■ **TASK OBJECTIVE**
Of the records below, reproduce only the span that opens with the line containing "monotone_setfun (fval a0" and closes with the last line.

SUPPLIED MATERIAL START

(* Let $x_1,\dots,x_H\in\mathbb{R}^d$, $\theta_a^\star\in\mathbb{R}^d$ for $a\in\mathcal{M}=\{1,\dots,N\}$, $\alpha>0$ and $\lambda_a>0$. For $S\subseteq\mathcal{M}$ let $\mu_t(a;S):=\langle\theta_a^\star,x_t\rangle-\alpha\lambda_a\mathbf{1}\{a\notin S\}$ and $$f(S):=\sum_{t=1}^H\Bigl[\max_{a\in\mathcal{M}}\mu_t(a;S)-\max_{a\in\mathcal{M}}\mu_t(a;\emptyset)\Bigr].$$ Then $f$ is monotone non-decreasing and submodular on subsets of $\mathcal{M}$. *)

From HB Require Import structures.
From mathcomp Require Import all_boot all_order all_algebra.
Set Implicit Arguments. Unset Strict Implicit. Unset Printing Implicit Defensive.
Import Order.TTheory GRing.Theory Num.Theory.
Local Open Scope ring_scope.

Definition dotp (R : realFieldType) (d : nat) (u v : 'rV[R]_d) : R :=
  \sum_(i < d) u 0 i * v 0 i.

(* Maximum of F over the nonempty finite type 'I_N (a0 witnesses nonemptiness;
   since max is idempotent the value does not depend on a0). *)
Definition maxI (R : realFieldType) (N : nat) (a0 : 'I_N) (F : 'I_N -> R) : R :=
  \big[Num.max/F a0]_(a : 'I_N) F a.

Definition mu (R : realFieldType) (d N H : nat) (x : 'I_H -> 'rV[R]_d)
  (theta : 'I_N -> 'rV[R]_d) (alpha : R) (lam : 'I_N -> R)
  (t : 'I_H) (a : 'I_N) (S : {set 'I_N}) : R :=
  dotp (theta a) (x t) - alpha * lam a * (a \notin S)%:R.

Definition fval (R : realFieldType) (d N H : nat) (a0 : 'I_N)
  (x : 'I_H -> 'rV[R]_d) (theta : 'I_N -> 'rV[R]_d) (alpha : R)
  (lam : 'I_N -> R) (S : {set 'I_N}) : R :=
  \sum_(t < H) (maxI a0 (fun a => mu x theta alpha lam t a S)
                - maxI a0 (fun a => mu x theta alpha lam t a set0)).

Definition monotone_setfun (R : realFieldType) (T : finType) (f : {set T} -> R) :=
  forall S U : {set T}, S \subset U -> f S <= f U.

Definition submodular (R : realFieldType) (T : finType) (f : {set T} -> R) :=
  forall S U : {set T}, f (S :|: U) + f (S :&: U) <= f S + f U.

From HB Require Import structures.
From mathcomp Require Import all_boot all_order all_algebra.
Import Order.TTheory GRing.Theory Num.Theory.
Local Open Scope ring_scope.
Set Implicit Arguments. Unset Strict Implicit.

(* Each summand of [fval] is, up to a constant, the maximum over [a] of the
   set functions [S |-> c_a - w_a * 1{a \notin S}] with [w_a >= 0].  These are
   maxitive, [g (S :|: U) = max (g S) (g U)], and maxitivity survives pointwise
   maxima and constant shifts.  A maxitive function is monotone and submodular,
   since [g (S :&: U) <= min (g S) (g U)] and [max + min = g S + g U]; both
   properties are stable under finite sums. *)

Definition maxitive (R : realFieldType) (T : finType) (f : {set T} -> R) :=
  forall S U : {set T}, f (S :|: U) = Num.max (f S) (f U).

Section SetFunctions.
Variables (R : realFieldType) (T : finType).
Implicit Types (f : {set T} -> R) (S U : {set T}).

Lemma maxitive_monotone f : maxitive f -> monotone_setfun f.
Proof. by move=> fmax S U /setUidPr <-; rewrite fmax le_max lexx. Qed.

Lemma maxitive_submodular f : maxitive f -> submodular f.
Proof.
move=> fmax S U; have fmono := maxitive_monotone fmax.
rewrite fmax -[f S + f U](addr_max_min (f S)) lerD2l.
by rewrite le_min !fmono ?subsetIl ?subsetIr.
Qed.

Lemma maxitiveBr f c : maxitive f -> maxitive (fun S => f S - c).
Proof.
move=> fmax S U; rewrite fmax; case: (leP (f S) (f U)) => [le_SU | /ltW le_US].
  by rewrite !max_r // lerD2r.
by rewrite !max_l // lerD2r.
Qed.

Lemma monotone_setfun_sum (I : Type) (r : seq I) (P : pred I)
    (F : I -> {set T} -> R) :
  (forall i, P i -> monotone_setfun (F i)) ->
  monotone_setfun (fun S => \sum_(i <- r | P i) F i S).
Proof. by move=> Fmono S U sSU; apply: ler_sum => i Pi; apply: Fmono. Qed.

Lemma submodular_sum (I : Type) (r : seq I) (P : pred I)
    (F : I -> {set T} -> R) :
  (forall i, P i -> submodular (F i)) ->
  submodular (fun S => \sum_(i <- r | P i) F i S).
Proof.
by move=> Fsub S U; rewrite -!big_split; apply: ler_sum => i Pi; apply: Fsub.
Qed.

End SetFunctions.

Section MaxOverOrdinals.
Variables (R : realFieldType) (N : nat) (a0 : 'I_N).

Lemma maxitive_penalty (a : 'I_N) (c w : R) : 0 <= w ->
  maxitive (fun S : {set 'I_N} => c - w * (a \notin S)%:R).
Proof.
move=> w_ge0 S U; rewrite in_setU negb_or.
have le_c : c - w <= c by rewrite gerBl.
by case: (a \in S); case: (a \in U); rewrite /= ?mulr0 ?mulr1 ?subr0 ?maxxx
  ?(max_l le_c) ?(max_r le_c).
Qed.

Lemma le_maxI (F : 'I_N -> R) a : F a <= maxI a0 F.
Proof. exact: le_bigmax. Qed.

Lemma maxI_le (F : 'I_N -> R) y : (forall a, F a <= y) -> maxI a0 F <= y.
Proof. by move=> Fy; apply: bigmax_le. Qed.

Lemma monotone_setfun_maxI (F : 'I_N -> {set 'I_N} -> R) :
  (forall a, monotone_setfun (F a)) ->
  monotone_setfun (fun S => maxI a0 (fun a => F a S)).
Proof.
move=> Fmono S U sSU; apply: maxI_le => a.
exact: le_trans (Fmono a S U sSU) (le_maxI _ a).
Qed.

Lemma maxitive_maxI (F : 'I_N -> {set 'I_N} -> R) :
  (forall a, maxitive (F a)) -> maxitive (fun S => maxI a0 (fun a => F a S)).
Proof.
move=> Fmax S U; apply/eqP; rewrite eq_le; apply/andP; split.
  apply: maxI_le => a.
  by rewrite Fmax ge_max !le_max !le_maxI ?orbT.
have gmono := monotone_setfun_maxI (fun a => maxitive_monotone (Fmax a)).
by rewrite ge_max !gmono ?subsetUl ?subsetUr.
Qed.

End MaxOverOrdinals.

Theorem lemmaC3 (R : realFieldType) (d N H : nat) (a0 : 'I_N)
  (x : 'I_H -> 'rV[R]_d) (theta : 'I_N -> 'rV[R]_d) (alpha : R)
  (lam : 'I_N -> R) :
  0 < alpha -> (forall a, 0 < lam a) ->
  monotone_setfun (fval a0 x theta alpha lam) /\
  submodular (fval a0 x theta alpha lam).
Proof.
move=> alpha_gt0 lam_gt0.
have mu_maxitive t a : maxitive (mu x theta alpha lam t a).
  by apply: maxitive_penalty; rewrite mulr_ge0 ?ltW.
have summand_maxitive t : maxitive (fun S =>
    maxI a0 (fun a => mu x theta alpha lam t a S)
    - maxI a0 (fun a => mu x theta alpha lam t a set0)).
  exact/maxitiveBr/maxitive_maxI.
split; [apply: monotone_setfun_sum | apply: submodular_sum] => t _.
- exact: maxitive_monotone.
- exact: maxitive_submodular.
Qed.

SUPPLIED MATERIAL END

■ **OUTPUT OF THE TASK**
  monotone_setfun (fval a0 x theta alpha lam) /\
  submodular (fval a0 x theta alpha lam).
Proof.
move=> alpha_gt0 lam_gt0.
have mu_maxitive t a : maxitive (mu x theta alpha lam t a).
  by apply: maxitive_penalty; rewrite mulr_ge0 ?ltW.
have summand_maxitive t : maxitive (fun S =>
    maxI a0 (fun a => mu x theta alpha lam t a S)
    - maxI a0 (fun a => mu x theta alpha lam t a set0)).
  exact/maxitiveBr/maxitive_maxI.
split; [apply: monotone_setfun_sum | apply: submodular_sum] => t _.
- exact: maxitive_monotone.
- exact: maxitive_submodular.
Qed.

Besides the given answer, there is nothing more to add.